Homélie
Prière universelle

LA CANANEENNE Matt 14/21-28 20ème dim T.O

On a du mal à comprendre le comportement de Jésus au début de cet évangile, lointain, opposant un refus à une demande tellement compréhensible, lui qui a déclaré : « Laissez venir à moi les petits enfants », qui vient de nourrir la foule… Que se passe-t-il ? Il est vrai que nous sommes en territoire païen, cette terre des phéniciens où Jésus ne s’est pas encore trop risqué. S’il cherchait la discrétion, c’est manqué avec cette femme qui arrive en criant : « Prends pitié de moi Seigneur Fils de David ! » Elle s’adresse à lui comme à un thaumaturge : « Ma fille est tourmentée par un démon ! ». Les apôtres ont vu le danger et poussent Jésus à la renvoyer : « Elle nous casse les oreilles !

Mais voici que cette histoire prend un tour assez extraordinaire qui va montrer sa foi. Quelle foi ! C’est une femme on ne peut plus étrangère, elle est d’une tribu hostile aux Juifs.

Malgré les rebuffades,
elle est tenace et persiste
dans sa demande de guérir sa fille.
Elle défie l’étroitesse d’une tradition
qui limitait la miséricorde de Dieu à quelques choisis,
et elle en est généreusement récompensée


Que se passe-t-il ? Certes Cananéens et juifs sont ennemis de longue date, mais c’est pourtant chez des païens que Jésus a guéri le serviteur du centurion. Pourquoi cette attitude qui devient même méprisante : « Il n’est pas bien de prendre le pain des enfants pour le jeter aux petits chiens ». La femme a beau crier, il demeure inflexible. Est-il fatigué au point de ne plus voir personne ? Jésus reste de marbre. Non, ce qui le fait intervenir, et ce qui lui fait dire que la foi de cette femme est grande, c’est quand elle rebondit sur sa remarque cinglante, et quand il lui dit : « Il n'est pas bien de prendre le pain des enfants pour le jeter aux petits chiens », elle lui répond, avec une certaine vivacité d’esprit : « C'est vrai, Seigneur, et justement les petits chiens mangent des miettes qui tombent de la table de leurs maîtres ! »

Pour elle, il y a d’un côté les petits chiens, de l’autre les maîtres. Le surplus de nourriture des maîtres permet aux petits chiens de se nourrir. Que représentent les maîtres ? Que représentent les petits chiens ? Un peu avant, il y a eu la multiplication des pains. Tous ceux qui étaient là ont mangé à leur faim, et il y a même eu des restes : douze corbeilles pleines.
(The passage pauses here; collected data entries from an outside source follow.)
(* For every $n\ge 1$ let $H_n$ and $P_n$ denote the numbers of tilings of the regions $H_n$ and $P_n$ (defined in the context). Then $H_1=1$, $H_2=3$, $P_1=1$, $P_2=2$, and for all $n\ge 2$ $$H_n=H_{n-1}+2P_{n-1},\qquad P_n=H_{n-1}+P_{n-1}.$$ Consequently, for all $n\ge 3$, $H_n=2H_{n-1}+H_{n-2}$ and $P_n=2P_{n-1}+P_{n-2}$. In particular $(P_n)_{n\ge1}=(1,2,5,12,29,70,\dots)$ is the sequence of Pell numbers and $(H_n)_{n\ge1}=(1,3,7,17,41,99,\dots)$, i.e. for all $n\ge1$ $$P_n=\frac{(1+\sqrt2)^n-(1-\sqrt2)^n}{2\sqrt2},\qquad H_n=\frac{(1+\sqrt2)^n+(1-\sqrt2)^n}{2}.$$
   Context: Let $s=\sqrt3/2$. Consider the standard triangular lattice in the plane whose vertices are the points $(a+b/2,\,bs)$ with $a,b\in\mathbb Z$ and whose edges are the unit segments joining lattice points in the directions $0^\circ,60^\circ,120^\circ$; it divides the plane into unit equilateral triangles called cells. A small tile is a single cell; a large tile is an equilateral triangle of side $2$ whose vertices are lattice points (so it is a union of $4$ cells; it may point up or down). For a region $R$ that is a finite union of cells, a tiling of $R$ is a finite set of small and large tiles, each contained in $R$, with pairwise disjoint interiors and union equal to $R$. For $n\ge1$, the region $H_n$ is the union of the trapezoid with vertices $(0,0),(n,0),(n-\tfrac12,s),(\tfrac12,s)$ and the trapezoid with vertices $(\tfrac12,s),(n-\tfrac12,s),(n,2s),(0,2s)$ (for $n=1$ these degenerate to two unit triangles meeting at a single point); $H_n$ consists of $4n-2$ cells. The region $P_n$ is $H_n$ with the cell with vertices $(n-1,0),(n,0),(n-\tfrac12,s)$ removed ($4n-3$ cells). By abuse of notation, $H_n$ and $P_n$ also denote the number of tilings of these regions. *)

From HB Require Import structures.
From mathcomp Require Import all_boot all_order all_algebra.
From mathcomp Require Import finmap.
From mathcomp Require Import boolp.
Set Implicit Arguments. Unset Strict Implicit. Unset Printing Implicit Defensive.
Import Order.TTheory GRing.Theory Num.Theory.
Open Scope fset_scope.

(* Lattice point (a,b) is the point (a + b/2, b*sqrt3/2).
   A cell is encoded by (a, b, up):
   - up = true  : the upward cell with vertices (a,b),(a+1,b),(a,b+1);
   - up = false : the downward cell with vertices (a+1,b),(a,b+1),(a+1,b+1). *)
Definition cell := (int * int * bool)%type.

(* Tiles: a small tile (one cell), or a large (side 2) triangle with lattice
   vertices, pointing up (vertices (a,b),(a+2,b),(a,b+2)) or down
   (vertices (a+2,b),(a,b+2),(a+2,b+2)). *)
Inductive tile :=
| Small of cell
| LargeUp of int & int
| LargeDown of int & int.

Definition tile_cells (t : tile) : seq cell :=
  match t with
  | Small c => [:: c]
  | LargeUp a b => [:: (a, b, true); (a + 1, b, true); (a, b + 1, true); (a, b, false)]
  | LargeDown a b => [:: (a + 1, b, false); (a, b + 1, false);
                        (a + 1, b + 1, false); (a + 1, b + 1, true)]
  end%R.
Lemma elim_nonzero_at_agreement X Y Z a h t : comodular Cs X Y ->
  Z \in Cs -> Z a = None -> a \in sep X Y -> conformal Z X Y ->
  X h = Some t -> Y h = Some t -> Z h <> None.
Proof.
move=> cXY ZC Za aS cf Xh Yh Zh.
have L := comodular_coline cXY; case: cXY => XC YC nXY nXoY _.
have L' : coline Cs (zs Y :&: zs X) by rewrite setIC.
have [Xa Ya] := sep_neq0 aS.
have [nZX nZoX] := zero_neq Za Xa; have [nZY nZoY] := zero_neq Za Ya.
have noXoY : opp X <> opp Y by move=> oXY; apply: nXY; rewrite -[X]oppK oXY oppK.
have hS : h \in sep (opp X) Y by rewrite in_sep oppE Xh Yh /=.
have [W WC [Wh cW]] := cocircuit_elim HOM (opp_cocircuit HOM XC) YC noXoY hS.
have LW : zs X :&: zs Y \subset zs W by rewrite -zs_opp; apply: conformal_zs cW.
have hL : h \notin zs X :&: zs Y by rewrite in_setI !in_zs Xh.
have hW : h \in zs W by rewrite in_zs Wh.
have hZ : h \in zs Z by rewrite in_zs Zh.
have [WZ|WZ] := coline_cocircuit_eq HOM L WC ZC LW (conformal_zs cf) hW hZ hL.
- have nYoX : Y <> opp X by move=> YX; apply: nXoY; rewrite YX oppK.
  have [k Yk Xk] := cocircuit_zs_neq HOM YC XC (nesym nXY) nYoX.
  move: Yk Xk; rewrite !in_zs => /eqP Yk; case Xk: (X k) => [s|] // _.
  have Zk : Z k = X k by rewrite (conformal_zs_eq L YC ZC cf nZY nZoY Yk) ?Xk.
  have Wk : W k = Some s by rewrite WZ Zk Xk.
  by case: (cW _ _ Wk); rewrite ?oppE ?Xk ?Yk //; case: s {Xk Zk Wk}.
- have [k Xk Yk] := cocircuit_zs_neq HOM XC YC nXY nXoY.
  move: Xk Yk; rewrite !in_zs => /eqP Xk; case Yk: (Y k) => [s|] // _.
  have Zk : Z k = Y k by rewrite (conformal_zs_eq L' XC ZC (conformal_sym cf) nZX nZoX Xk) ?Yk.
  have Wk : W k = Some (~~ s) by rewrite WZ oppE Zk Yk.
  by case: (cW _ _ Wk); rewrite ?oppE ?Xk ?Yk //; case: s {Yk Zk Wk}.
Qed.

Lemma comodular_elim_result X Y a : comodular Cs X Y -> a \in sep X Y ->
  exists Z, elim_result Cs a X Y Z.
Proof.
move=> cXY aS; have L := comodular_coline cXY.
have L' : coline Cs (zs Y :&: zs X) by rewrite setIC.
case: (cXY) => XC YC _ nXoY _.
have [Z ZC [Za cf]] := cocircuit_elim HOM XC YC nXoY aS.
have [Xa Ya] := sep_neq0 aS.
have [nZX nZoX] := zero_neq Za Xa; have [nZY nZoY] := zero_neq Za Ya.
exists Z; split=> // h; rewrite in_sep svcompE.
case Xh: (X h) => [t|]; case Yh: (Y h) => [t'|] /= hS.
- have tt' : t' = t by move: hS; case: t {Xh}; case: t' {Yh}.
  subst t'; case Zh: (Z h) => [u|].
    by case: (cf _ _ Zh); rewrite ?Xh ?Yh => -[->].
  by case: (elim_nonzero_at_agreement cXY ZC Za aS cf Xh Yh).
- by rewrite (conformal_zs_eq L YC ZC cf nZY nZoY Yh) ?Xh.
- by rewrite (conformal_zs_eq L' XC ZC (conformal_sym cf) nZX nZoX Xh) ?Yh.
- exact: conformal_zero cf Xh Yh.
Qed.

Lemma arrow_opp a b X Y : arrow Cs a b X Y -> arrow Cs a b (opp Y) (opp X).
Proof.
case=> cXY XYa Xa [Z [eZ Zb]]; split.
- exact: comodular_oppr (comodular_oppl (comodular_sym cXY)).
- by rewrite !oppE -XYa.
- by move: Xa; rewrite oppE -XYa; case: (X a).
- by exists Z; split=> //; rewrite oppK; apply: elim_result_sym.
Qed.

Lemma arrow_oppE a b X Y : arrow Cs a b X Y <-> arrow Cs a b (opp Y) (opp X).
Proof. by split=> [|/arrow_opp]; [exact: arrow_opp | rewrite !oppK]. Qed.

End Pencils.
Les maîtres, ce sont les Juifs, bien sûr, et les petits chiens, ce sont tous les autres.

Mais qu’y a-t-il là qui puisse faire dire à Jésus que la foi de cette femme est grande ? Elle reconnaît qu’il y a une différence entre les maîtres et les petits chiens, entre les juifs et les païens. Elle a compris, bien que n’ayant pas reçu une éducation juive, quelque chose de fondamental pour le judaïsme,

la capacité à reconnaître
que l’autre est différent de moi,
et qu’il n’est pas moi,

cette capacité à reconnaître que Dieu est le Tout-Autre, cette reconnaissance de la limite qui est la marque, la garantie du respect de l’autre. Cette femme reconnaît que le peuple juif est différent des autres peuples. Pas meilleur, mais différent par son rôle dans la révélation de Dieu aux hommes, un rôle de précurseur. Et pourtant, rien ne la prédisposait à cela : les juifs ont toujours été les ennemis jurés des cananéens. Ce dont elle prend conscience ne vient pas d’elle : c’est une prise de conscience.
La foule et les apôtres ont appris ce jour-là que le Seigneur est venu pour tous, Juifs et non-juifs, chacun en son temps. M’arrive-t-il de juger les gens trop rapidement ? Ils savent que Dieu fait tout avec ordre et mesure, qu’il y a une histoire du salut.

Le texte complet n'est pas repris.